Act III: Shaved heads, bald meanings
Just as the audience at WWE roared when Trump shaved Vince McMahon's head, onlookers here gaped at the rhetorical takedowns and combative jabs. Yet in a bizarre, almost cosmic twist, nothing was truly resolved - an echo of the final moments of The Bald Soprano where curtains fall on a repetition of lines that lead nowhere. Ukraine's future was left vulnerable, the White House chalked up yet another "shock moment", and a carefully orchestrated minerals deal remained unsigned, much like a script abandoned halfway through.

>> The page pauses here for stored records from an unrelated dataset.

(* Let $\beta>0$, $\mu_x,\mu_y\in\mathbb{R}$, and let $X\sim\mathrm{MaxGumbel}(\mu_x,\beta)$ and $Y\sim\mathrm{MinGumbel}(\mu_y,\beta)$ be independent. Then $$\mathbb{E}\big[\max(Y-X,0)\big]=2\beta\,K_0\!\left(2e^{-\frac{\mu_y-\mu_x}{2\beta}}\right),$$ where $K_0$ is the modified Bessel function of the second kind of order $0$.
   Context: $\mathrm{MaxGumbel}(\mu,\beta)$ denotes the distribution on $\mathbb{R}$ with density $\frac1\beta\exp\!\big(-\tfrac{x-\mu}{\beta}-e^{-(x-\mu)/\beta}\big)$; $\mathrm{MinGumbel}(\mu,\beta)$ denotes the distribution with density $\frac1\beta\exp\!\big(\tfrac{x-\mu}{\beta}-e^{(x-\mu)/\beta}\big)$ (the law of $-Z$ for $Z\sim\mathrm{MaxGumbel}(-\mu,\beta)$). $K_0(z)=\int_0^\infty e^{-z\cosh t}\,dt$ for $z>0$. *)

From HB Require Import structures.
From mathcomp Require Import all_boot all_order all_algebra.
From mathcomp Require Import all_classical all_reals all_analysis.
Set Implicit Arguments. Unset Strict Implicit. Unset Printing Implicit Defensive.
Import Order.TTheory GRing.Theory Num.Theory.
Import numFieldNormedType.Exports.
Local Open Scope classical_set_scope.
Local Open Scope ring_scope.

Definition maxGumbel_pdf (R : realType) (mu beta : R) (x : R) : R :=
  beta^-1 * expR (- ((x - mu) / beta) - expR (- ((x - mu) / beta))).

Definition minGumbel_pdf (R : realType) (mu beta : R) (x : R) : R :=
  beta^-1 * expR ((x - mu) / beta - expR ((x - mu) / beta)).

Definition has_density d (T : measurableType d) (R : realType)
  (P : probability T R) (X : {RV P >-> R}) (f : R -> R) : Prop :=
  forall A : set R, measurable A ->
    distribution P X A = (\int[lebesgue_measure]_(x in A) (f x)%:E)%E.

Definition independent_RV d (T : measurableType d) (R : realType)
  (P : probability T R) (X Y : {RV P >-> R}) : Prop :=
  forall A B : set R, measurable A -> measurable B ->
    P (X @^-1` A `&` Y @^-1` B) = (P (X @^-1` A) * P (Y @^-1` B))%E.

(* K_0(z) = int_0^oo exp(-z cosh t) dt, cosh t = (e^t + e^-t)/2 *)
Definition besselK0 (R : realType) (z : R) : \bar R :=
  (\int[lebesgue_measure]_(t in `[0%R, +oo[)
     (expR (- z * ((expR t + expR (- t)) / 2)))%:E)%E.

From mathcomp Require Import all_boot all_order all_algebra.
From mathcomp Require Import all_classical all_reals all_analysis.
From mathcomp Require Import measurable_realfun ring.
Import Order.TTheory GRing.Theory Num.Theory.
Import numFieldNormedType.Exports.
Local Open Scope classical_set_scope.
Local Open Scope ring_scope.

(* Write G_{m,b}(x) = exp(-exp(-(x - m)/b)) for the
   MaxGumbel distribution function.  The proof has three independent parts:
   1. (layer cake) for any two real random variables, by Tonelli,
        E[max(Y - X, 0)] = int_R P(X < y < Y) dy;
   2. (distribution functions) G_{m,b} is a primitive of the MaxGumbel density
      tending to 1 at +oo, so P(X < y) = G_{mx,b}(y); as MinGumbel(my, b) is the
      reflection of MaxGumbel(-my, b), P(Y > y) = G_{-my,b}(-y);
   3. (Bessel integral) independence makes the integrand of 1. the product
      G_{mx,b}(y) G_{-my,b}(-y), which after y = b s + (mx + my)/2 becomes
      exp(-z cosh s) with z = 2 exp(-(my - mx)/(2b)); this is even in s, so
      the integral is b * 2 * int_0^oo exp(-z cosh s) ds = 2 b K_0(z). *)

Section real_calculus.
Context {R : realType}.

Lemma continuous_is_derive {f df : R -> R} :
  (forall x : R, is_derive x 1 f (df x)) -> continuous f.
Proof.
move=> f'df x; apply/differentiable_continuous/derivable1_diffP.
have dfx := f'df x; exact: ex_derive.
Qed.

Lemma is_derive_affine (k c x : R) : is_derive x 1 (fun t : R => k * t + c) k.
Proof. by apply: is_derive_eq; rewrite addr0 -[RHS]mulr1. Qed.

Lemma continuous_affine (k c : R) : continuous (fun t : R => k * t + c).
Proof.
by apply: (continuous_is_derive (df := fun=> k)) => x; exact: is_derive_affine.
Qed.

Lemma integral_itvcy_primitive (f F : R -> R) (a l : R) :
  (forall x, 0 <= f x) -> continuous f ->
  (forall x : R, is_derive x 1 F (f x)) -> F x @[x --> +oo] --> l ->
  (\int[lebesgue_measure]_(x in `[a, +oo[) (f x)%:E = (l - F a)%:E)%E.
Proof.
move=> f_ge0 fC Ff Fl; have FC := continuous_is_derive Ff.
rewrite EFinB; apply: ge0_continuous_FTC2y => //.
- exact: continuous_subspaceT.
- exact: cvg_at_right_filter (FC a).
- by move=> x _; rewrite derive1E derive_val.
Qed.

Lemma integral_affine_change (G : R -> R) (b c : R) : 0 < b ->
  continuous G -> (forall x, 0 <= G x) ->
  (\int[lebesgue_measure]_x (G x)%:E =
   b%:E * \int[lebesgue_measure]_s (G (b * s + c))%:E)%E.
Proof.
move=> b_gt0 GC G_ge0; pose F s := b * s + c.
have F'E : (F^`())%classic = cst b.
  by apply/funext => s; have dF := is_derive_affine b c s; rewrite derive1E derive_val.
have F_incr : {homo F : x y / x < y} by move=> x y xy; rewrite ltrD2r ltr_pM2l.
have FNy : F x @[x --> -oo] --> -oo.
  apply/cvgrNyPler => A _; near=> x.
  rewrite /F -lerBrDr [b * x]mulrC -ler_pdivlMr; last exact: b_gt0.
  near: x; apply: nbhs_ninfty_le; exact: num_real.
have Fy : F x @[x --> +oo] --> +oo.
  apply/cvgryPger => A _; near=> x.
  rewrite /F -lerBlDr [b * x]mulrC -ler_pdivrMr; last exact: b_gt0.
  near: x; apply: nbhs_pinfty_ge; exact: num_real.
rewrite (increasing_ge0_integration_by_substitutionT F_incr) // ?F'E //; last 3 first.
- by move=> x; exact: cvg_cst.
- exact: is_cvg_cst.
- exact: is_cvg_cst.
transitivity (\int[lebesgue_measure]_s (b%:E * (G (F s))%:E))%E.
  by apply: eq_integral => s _; rewrite -EFinM mulrC.
have GFC : continuous (G \o F).
  by move=> x; apply: continuous_comp; [exact: continuous_affine | exact: GC].
rewrite ge0_integralZl_EFin //; last 3 first.
- by move=> x _; rewrite lee_fin.
- by apply/measurable_EFinP; exact: continuous_measurable_fun.
- exact: ltW.
Unshelve. all: end_near. Qed.

Lemma integral_indic_itvoo (a c : R) :
  (\int[lebesgue_measure]_y (\1_`]a, c[ y)%:E = (Num.max (c - a) 0)%:E)%E.
Proof.
rewrite integral_indic //= setIT lebesgue_measure_itv /= lte_fin.
by case: ltP => ac; [rewrite -EFinB max_l // subr_ge0 ltW | rewrite max_r // subr_le0].
Qed.

Lemma ereal_one_sub_one_sub (e : R) : (1 - (1 - e)%:E)%E = e%:E.
Proof. by rewrite -[1%E]/(1%:E) -EFinB opprB addrC subrK. Qed.
End real_calculus.

Definition gumbel_cdf {R : realType} (m b x : R) : R :=
  expR (- expR (- ((x - m) / b))).

Section gumbel.
Context {R : realType}.
Variable b : R.

Lemma gumbel_arg_affine (m x : R) : - ((x - m) / b) = - b^-1 * x + m / b.
Proof. by rewrite mulrBl opprB addrC mulNr mulrC. Qed.

Lemma is_derive_gumbel_cdf (m x : R) :
  is_derive x 1 (gumbel_cdf m b) (maxGumbel_pdf m b x).
Proof.
pose g t := - b^-1 * t + m / b.
have -> : gumbel_cdf m b = expR \o (- (expR \o g)).
  by apply/funext => t; rewrite /gumbel_cdf /= gumbel_arg_affine.
have dexpg := is_derive1_comp (is_derive_expR (g x))
  (is_derive_affine (- b^-1) (m / b) x).
apply: is_derive_eq (is_derive1_comp (is_derive_expR _) (is_deriveN dexpg)) _.
change ((- (expR \o g)) x) with (- expR (g x)).
by rewrite /maxGumbel_pdf gumbel_arg_affine -/(g x) (expRD (g x)); ring.
Qed.

Lemma continuous_gumbel_cdf (m : R) : continuous (gumbel_cdf m b).
Proof. exact: continuous_is_derive (is_derive_gumbel_cdf m). Qed.

Lemma continuous_maxGumbel_pdf (m : R) : continuous (maxGumbel_pdf m b).
Proof.
pose g t := - b^-1 * t + m / b.
have gC : continuous g := continuous_affine (- b^-1) (m / b).
have -> : maxGumbel_pdf m b = fun x => b^-1 * expR (g x - expR (g x)).
  by apply/funext => x; rewrite /maxGumbel_pdf gumbel_arg_affine.
move=> x; apply: (continuousM (s := cst b^-1)
  (t := fun x => expR (g x - expR (g x)))); first exact: cvg_cst.
apply: (continuous_comp (f := fun x => g x - expR (g x)));
  last exact: continuous_expR.
apply: continuousB; first exact: gC.
by apply: (continuous_comp (f := g)); [exact: gC | exact: continuous_expR].
Qed.

Lemma minGumbel_pdf_reflect (m x : R) :
  minGumbel_pdf m b x = maxGumbel_pdf (- m) b (- x).
Proof. by rewrite /minGumbel_pdf /maxGumbel_pdf opprK -mulNr opprD opprK addrC. Qed.

Hypothesis b_gt0 : 0 < b.

Lemma maxGumbel_pdf_ge0 (m x : R) : 0 <= maxGumbel_pdf m b x.
Proof. by apply: mulr_ge0; [rewrite invr_ge0 ltW | exact: expR_ge0]. Qed.

Lemma gumbel_cdf_cvgy (m : R) : gumbel_cdf m b x @[x --> +oo] --> (1 : R).
Proof.
have argy : (fun x => (x - m) / b) @ +oo --> +oo.
  apply/cvgryPger => A _; near=> x.
  rewrite ler_pdivlMr // lerBrDr.
  near: x; apply: nbhs_pinfty_ge; exact: num_real.
have := cvgN (cvg_comp _ _ argy (@cvgr_expR R)); rewrite oppr0 => expNy.
by rewrite -expR0; exact: cvg_comp _ _ (expNy _) (@continuous_expR R 0).
Unshelve. all: end_near. Qed.

Lemma maxGumbel_tail (m y : R) :
  (\int[lebesgue_measure]_(x in `[y, +oo[) (maxGumbel_pdf m b x)%:E =
   (1 - gumbel_cdf m b y)%:E)%E.
Proof.
apply: integral_itvcy_primitive.
- exact: maxGumbel_pdf_ge0.
- exact: continuous_maxGumbel_pdf.
- exact: is_derive_gumbel_cdf.
- exact: gumbel_cdf_cvgy.
Qed.

Lemma minGumbel_head (m y : R) :
  (\int[lebesgue_measure]_(x in `]-oo, y]) (minGumbel_pdf m b x)%:E =
   (1 - gumbel_cdf (- m) b (- y))%:E)%E.
Proof.
have minC : continuous (minGumbel_pdf m b).
  have -> : minGumbel_pdf m b = maxGumbel_pdf (- m) b \o -%R.
    by apply/funext => x; rewrite /= minGumbel_pdf_reflect.
  move=> x; apply: continuous_comp; first exact: opp_continuous.
  exact: continuous_maxGumbel_pdf.
have := @ge0_integration_by_substitutionNy R (minGumbel_pdf m b) (- y).
rewrite opprK => ->; last 2 first.
- exact: continuous_subspaceT.
- by move=> x _; rewrite minGumbel_pdf_reflect; exact: maxGumbel_pdf_ge0.
rewrite -maxGumbel_tail; apply: eq_integral => x _.
by rewrite /= minGumbel_pdf_reflect opprK.
Qed.
End gumbel.

Section gumbel_variables.
Context {d : measure_display} {T : measurableType d} {R : realType}.
Context {P : probability T R}.

Lemma has_density_preimage_setC {X : {RV P >-> R}} {f : R -> R} {A : set R} :
  has_density X f -> measurable A ->
  P (X @^-1` ~` A) = (1 - \int[lebesgue_measure]_(x in A) (f x)%:E)%E.
Proof.
move=> Xf mA; rewrite preimage_setC probability_setC; last exact: measurable_funPTI.
by have := Xf A mA; rewrite /distribution /pushforward => ->.
Qed.

Lemma maxGumbel_cdf {X : {RV P >-> R}} {m b : R} (y : R) : 0 < b ->
  has_density X (maxGumbel_pdf m b) ->
  P (X @^-1` `]-oo, y[) = (gumbel_cdf m b y)%:E.
Proof.
move=> b_gt0 Xf; rewrite -setCitvr (has_density_preimage_setC Xf);
  last exact: measurable_itv.
by rewrite maxGumbel_tail // ereal_one_sub_one_sub.
Qed.

Lemma minGumbel_survival {Y : {RV P >-> R}} {m b : R} (y : R) : 0 < b ->
  has_density Y (minGumbel_pdf m b) ->
  P (Y @^-1` `]y, +oo[) = (gumbel_cdf (- m) b (- y))%:E.
Proof.
move=> b_gt0 Yf; rewrite -setCitvl (has_density_preimage_setC Yf);
  last exact: measurable_itv.
by rewrite minGumbel_head // ereal_one_sub_one_sub.
Qed.
End gumbel_variables.

Section layer_cake.
Context d (T : measurableType d) (R : realType) (P : probability T R).
Variables X Y : {RV P >-> R}.

(* The region of T * R strictly between the graphs of X and Y; its fibres
   over T are the intervals ]X w, Y w[, its sections over R are the events
   X < y < Y. *)
Let between : set (T * R) := [set p | X p.1 < p.2 < Y p.1].

Let measurable_between : measurable between.
Proof.
have mb : measurable_fun setT (fun p : T * R => (X p.1 < p.2) && (p.2 < Y p.1)).
  by apply: measurable_and; apply: measurable_fun_ltr => //;
    apply: measurableT_comp => //; exact: measurable_fst.
by rewrite -[between]setTI; exact: mb measurableT [set true] I.
Qed.

Let indic_between_fiber (w : T) (y : R) :
  \1_between (w, y) = \1_`]X w, Y w[ y :> R.
Proof. by rewrite !indicE set_itvoo. Qed.

Let indic_between_section (w : T) (y : R) :
  \1_between (w, y) = \1_(X @^-1` `]-oo, y[ `&` Y @^-1` `]y, +oo[) w :> R.
Proof.
rewrite !indicE; congr ((nat_of_bool _)%:R).
apply/idP/idP => /set_mem mem; apply/mem_set; move: mem.
all: by rewrite /= !in_itv /= andbT => /andP.
Qed.

(* Layer cake: integrating the indicator of the region between X and Y in
   both orders (Tonelli) gives E[max(Y - X, 0)] = int_R P(X < y < Y) dy. *)
Lemma expectation_max_sub0 :
  ('E_P[(fun w => Num.max (Y w - X w) 0)%R] =
   \int[lebesgue_measure]_y P (X @^-1` `]-oo, y[ `&` Y @^-1` `]y, +oo[))%E.
Proof.
rewrite unlock.
transitivity (\int[P]_w \int[lebesgue_measure]_y (\1_between (w, y))%:E)%E.
  apply: eq_integral => w _; rewrite -integral_indic_itvoo.
  by apply: eq_integral => y _; rewrite indic_between_fiber.
rewrite (fubini_tonelli (m1 := P) (m2 := lebesgue_measure)
  (fun p => (\1_between p)%:E)) //; last first.
  by apply/measurable_EFinP; exact: measurable_indic.
apply: eq_integral => y _.
under eq_integral do rewrite indic_between_section.
rewrite integral_indic ?setIT //.
by apply: measurableI; exact: measurable_funPTI.
Qed.
End layer_cake.

Definition besselK0_integrand {R : realType} (z s : R) : R :=
  expR (- z * ((expR s + expR (- s)) / 2)).

Section bessel.
Context {R : realType}.

Lemma continuous_besselK0_integrand (z : R) : continuous (besselK0_integrand z).
Proof.
move=> x; apply: (continuous_comp (f := fun s => - z * ((expR s + expR (- s)) / 2)));
  last exact: continuous_expR.
apply: (continuousM (s := cst (- z)) (t := fun s => (expR s + expR (- s)) / 2)).
  exact: cvg_cst.
apply: (continuousM (s := fun s => expR s + expR (- s)) (t := cst 2^-1));
  last exact: cvg_cst.
apply: (continuousD (f := expR) (g := fun s => expR (- s)));
  first exact: continuous_expR.
by apply: (continuous_comp (f := -%R)); [exact: opp_continuous | exact: continuous_expR].
Qed.

(* The integrand is even, so its integral over the line is 2 K_0(z). *)
Lemma integral_besselK0_integrand (z : R) :
  (\int[lebesgue_measure]_s (besselK0_integrand z s)%:E = 2 * besselK0 z)%E.
Proof.
rewrite ge0_symfun_integralT -?set_itvcy //.
- by move=> s; exact: expR_ge0.
- exact: continuous_besselK0_integrand.
- by move=> s; rewrite /besselK0_integrand /= opprK addrC.
Qed.

(* Centring at the midpoint (mx + my)/2 and scaling by b turns the product of
   the two Gumbel tails into the K_0 integrand. *)
Lemma gumbel_product_cosh (mx my b s : R) : b != 0 ->
  gumbel_cdf mx b (b * s + (mx + my) / 2) *
  gumbel_cdf (- my) b (- (b * s + (mx + my) / 2)) =
  besselK0_integrand (2 * expR (- ((my - mx) / (2 * b)))) s.
Proof.
move=> b_neq0; rewrite /gumbel_cdf /besselK0_integrand -expRD; congr expR.
set c := (my - mx) / (2 * b).
have -> : - ((b * s + (mx + my) / 2 - mx) / b) = - s + - c by rewrite /c; field.
have -> : - ((- (b * s + (mx + my) / 2) - - my) / b) = s + - c by rewrite /c; field.
by rewrite !expRD; field.
Qed.

Lemma integral_gumbel_product (mx my b : R) : 0 < b ->
  (\int[lebesgue_measure]_y (gumbel_cdf mx b y * gumbel_cdf (- my) b (- y))%:E =
   (2 * b)%:E * besselK0 (2 * expR (- ((my - mx) / (2 * b)))))%E.
Proof.
move=> b_gt0.
have GC : continuous (fun y => gumbel_cdf mx b y * gumbel_cdf (- my) b (- y)).
  move=> y; apply: continuousM; first exact: continuous_gumbel_cdf.
  apply: (continuous_comp (f := -%R)); first exact: opp_continuous.
  exact: continuous_gumbel_cdf.
rewrite (integral_affine_change _ _ ((mx + my) / 2) b_gt0 GC); last first.
  by move=> y; apply: mulr_ge0; exact: expR_ge0.
under eq_integral do rewrite gumbel_product_cosh ?gt_eqF //.
by rewrite integral_besselK0_integrand muleA -EFinM [b * 2]mulrC.
Qed.
End bessel.

Theorem mainTheorem2 (d : measure_display) (T : measurableType d)
  (R : realType) (P : probability T R) (beta mux muy : R)
  (X Y : {RV P >-> R}) :
  0 < beta ->
  has_density X (maxGumbel_pdf mux beta) ->
  has_density Y (minGumbel_pdf muy beta) ->
  independent_RV X Y ->
  ('E_P[(fun w => Num.max (Y w - X w) 0)%R] =
     (2 * beta)%:E * besselK0 (2 * expR (- ((muy - mux) / (2 * beta)))))%E.
Proof.
move=> beta_gt0 Xf Yf XY.
rewrite expectation_max_sub0 -integral_gumbel_product //.
apply: eq_integral => y _.
rewrite XY; [|exact: measurable_itv..].
by rewrite (maxGumbel_cdf _ beta_gt0 Xf) (minGumbel_survival _ beta_gt0 Yf) -EFinM.
Qed.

My mentor, the poet and scholar Ahmad Javaid, often explains that the Theatre of the Absurd strips away the veneer of coherence we cling to in everyday life, revealing how easily our illusions of control slip into the absurd. Here, illusions of a neat, patriotic press conference and a bulletproof alliance were shattered like so many theatrical illusions - exposing a raw struggle for recognition, gratitude, and an elusive notion of peace.
Act IV: War of absurdities
In the modern world, it's becoming increasingly clear that we can only comprehend events like these through an absurdist lens. Language seems to fail, logic crumbles, and we're left with the spectacle of global leaders exchanging sharp one-liners rather than forging meaningful solutions. Trump's cameo at WWE once symbolised the pinnacle of showmanship, but the White House incident took performance to new — and far more consequential — heights. Zelensky, thrust into the midst of existential conflict, discovered he was forced to play an unwinnable part in a tragicomic script.

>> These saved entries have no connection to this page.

(* Let $U_1, \ldots, U_n$ be i.i.d. $\mathrm{Unif}([0, 1])$ with order statistics $U_{(1)}\le \ldots \le U_{(n)}$, and fix $\delta \in (0,1)$. Suppose $0\le b_1\le b_2\le \ldots \le b_{n}\le 1$ are reals such that \[\mathbb{P}\left[ U_{(1)}\le b_{1}, \ldots, U_{(n)}\le b_{n} \right] \ge 1 - \delta.\] Let $b_{0} = 0$, $b_{n+1} = 1$, and let $h: [0, 1]\to [0, 1]$ be the piecewise constant function $h(t) = b_{\lceil (n + 1)t\rceil}$, $t\in [0, 1]$. Define $\hat{u}^{\mathrm{(ccv)}} = h\circ \hat{u}^{\mathrm{(marg)}}$. Then, if $X_{2n+1}\sim P_X$ is independent of $\mathcal{D}$, \[\mathbb{P}\left[ \mathbb{P}\left[ \hat{u}^{\mathrm{(ccv)}}(X_{2n+1}) \leq t \mid \mathcal{D} \right] \leq t \text{ for all } t \in (0,1) \right] \geq 1-\delta.\]
   Context: Setting: $P_X$ is a distribution on $\mathbb{R}^d$. Data $X_1,\dots,X_{2n}$ are i.i.d. from $P_X$; $\mathcal{D}^{\mathrm{train}}=\{X_1,\dots,X_n\}$ is treated as fixed (all probabilities conditional on it), $\mathcal{D}^{\mathrm{cal}}=\{X_{n+1},\dots,X_{2n}\}$, $\mathcal{D}=\mathcal{D}^{\mathrm{train}}\cup\mathcal{D}^{\mathrm{cal}}$. The score $\hat s:\mathbb{R}^d\to\mathbb{R}$ is a fixed function determined by $\mathcal{D}^{\mathrm{train}}$. Marginal conformal p-value: $\hat{u}^{\mathrm{(marg)}}(x) = \frac{1 + |\{i \in \{n+1,\dots,2n\} : \hat{s}(X_i) \le \hat{s}(x)\}|}{n+1}$. *)

From HB Require Import structures.
From mathcomp Require Import all_boot all_order all_algebra.
From mathcomp Require Import all_classical all_reals all_analysis.
Set Implicit Arguments. Unset Strict Implicit. Unset Printing Implicit Defensive.
Import Order.TTheory GRing.Theory Num.Theory.
Local Open Scope classical_set_scope.
Local Open Scope ring_scope.

(* Mutual independence of a finite family of random variables X_0,...,X_{n-1}:
   the joint law is the product of the marginals on measurable rectangles
   (taking A i = setT recovers every subfamily). *)
Definition mutual_indep (dO dT : measure_display) (Omega : measurableType dO)
  (T : measurableType dT) (R : realType) (P : probability Omega R) (n : nat)
  (X : 'I_n -> Omega -> T) : Prop :=
  forall A : 'I_n -> set T, (forall i, measurable (A i)) ->
    P (\bigcap_(i in [set: 'I_n]) (X i @^-1` A i)) =
    (\prod_(i < n) P (X i @^-1` A i))%E.

(* k-th order statistic (k = 1..n, 1-based) of the values u_0,...,u_{n-1}. *)
Definition ostat (R : realType) (n : nat) (u : 'I_n -> R) (k : nat) : R :=
  nth 0 (sort <=%R (map u (enum 'I_n))) k.-1.

(* Marginal conformal p-value: (1 + #{i : s(X_i) <= s(x)}) / (n+1),
   with cal i = X_{n+1+i} the calibration points. *)
Definition umarg (R : realType) (T : Type) (n : nat) (s : T -> R)
  (cal : 'I_n -> T) (x : T) : R :=
  (1 + count (fun i => s (cal i) <= s x) (enum 'I_n))%:R / n.+1%:R.

Definition hfun (R : realType) (n : nat) (b : nat -> R) (t : R) : R :=
  b (absz (Num.ceil (n.+1%:R * t))).

(* Let S_(1) <= ... <= S_(n) be the calibration scores s(X_i) and
   F v := PX(s < v). The good calibration event E says that F(S_(k)) <= b_k
   for every k, i.e. that at least k scores lie in the downset {F <= b_k}.

   On E the bound is deterministic: if h(u(x)) <= t, then fewer than K scores
   are <= s(x), where K is the largest index with b_K <= t; hence s(x) < S_(K)
   and PX(h o u <= t) <= F(S_(K)) <= b_K <= t.

   To bound P(E), let C_k := {x | F(s x) <= b_k}; continuity from above of PX
   gives q_k := PX(C_k) >= b_k. Since the C_k are nested, E only depends on the
   independent finite-valued levels of the X_i relative to (C_k), which have
   the same joint law as the levels of the U_i relative to ({u <= q_k}).
   So P(E) = Q(U_(k) <= q_k for all k) >= Q(U_(k) <= b_k for all k). *)

From HB Require Import structures.
From mathcomp Require Import all_boot all_order all_algebra.
From mathcomp Require Import all_classical all_reals all_analysis.
From mathcomp Require Import measurable_realfun.
Import Order.TTheory GRing.Theory Num.Theory.
Local Open Scope classical_set_scope.
Local Open Scope ring_scope.
Set Implicit Arguments. Unset Strict Implicit.

(** * Order statistics *)

Lemma sorted_nth_le_count d (T : orderType d) (x0 c : T) (s : seq T) (i : nat) :
  sorted <=%O s -> (i < size s)%N ->
  (nth x0 s i <= c)%O = (i < count (fun x => x <= c)%O s)%N.
Proof.
elim: s i => [|x s IH] i //= sorted_xs.
have x_le_s : all (fun y => x <= y)%O s := order_path_min le_trans sorted_xs.
case: (leP x c) => [xc|cx].
  case: i => [|i] /=; first by rewrite xc add1n.
  by rewrite add1n ltnS => i_lt; apply: IH => //; exact: path_sorted sorted_xs.
have -> : count (fun y => y <= c)%O s = 0%N.
  apply/eqP; rewrite -leqn0 leqNgt -has_count; apply/hasPn => y ys /=.
  by rewrite -ltNge (lt_le_trans cx) //; exact: (allP x_le_s).
case: i => [|i] /= i_lt; first by rewrite leNgt cx.
rewrite leNgt (lt_le_trans cx) //; apply: (allP x_le_s); exact: mem_nth.
Qed.

Lemma ostat_le_count (R : realType) n (u : 'I_n -> R) (k : nat) (c : R) :
  (0 < k <= n)%N ->
  (ostat u k <= c) = (k <= count (fun i => (u i <= c)%R) (enum 'I_n))%N.
Proof.
case/andP => k_gt0 k_le_n; rewrite /ostat sorted_nth_le_count.
- by rewrite (permP (permEl (perm_sort _ _))) count_map prednK.
- exact/sort_sorted/le_total.
- by rewrite size_sort size_map size_enum_ord prednK.
Qed.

Like Ionesco's unsuspecting characters who end up repeating the same lines ad infinitum, all players in this fiasco appeared locked in patterns they couldn't - or wouldn't - break free from. Neither Zelensky's appeals nor Trump's bold pronouncements overcame the gnawing sense that, at the core, no one was quite listening to anyone else.
The curtain falls
We're left with a realisation that a meltdown in the Oval Office and a televised hair-shaving incident share a certain DNA: both are spectacles whose surface drama hints at a deeper emptiness or disconnect. The difference, of course, is that shaving Vince McMahon's head ended in laughter and maybe some bruised vanity; the White House fiasco left Ukraine's security, and arguably European stability, hanging in the balance. Yet in both cases, you can almost hear the ghosts of Ionesco and Beckett chuckling in the wings.
From flamboyant haircuts to half-cooked treaties, from comedic one-liners to existential dread, the absurd reveals itself at every turn. Javaid reminds us that once we see how nonsense and paradox define much of human experience, we can't unsee it. And perhaps that's the takeaway: if world affairs continue in this direction - where logic surrenders to vaudeville - then we may have no choice but to embrace the stage, stand in the spotlight, and deliver our lines with as much awareness of the absurd as we can muster. After all, in a reality where a shaved billionaire's scalp once hogged the headlines, and statesmen quarrel like wrestlers over the fate of nations, is it really so surprising that the only thing left making sense is the nonsense itself?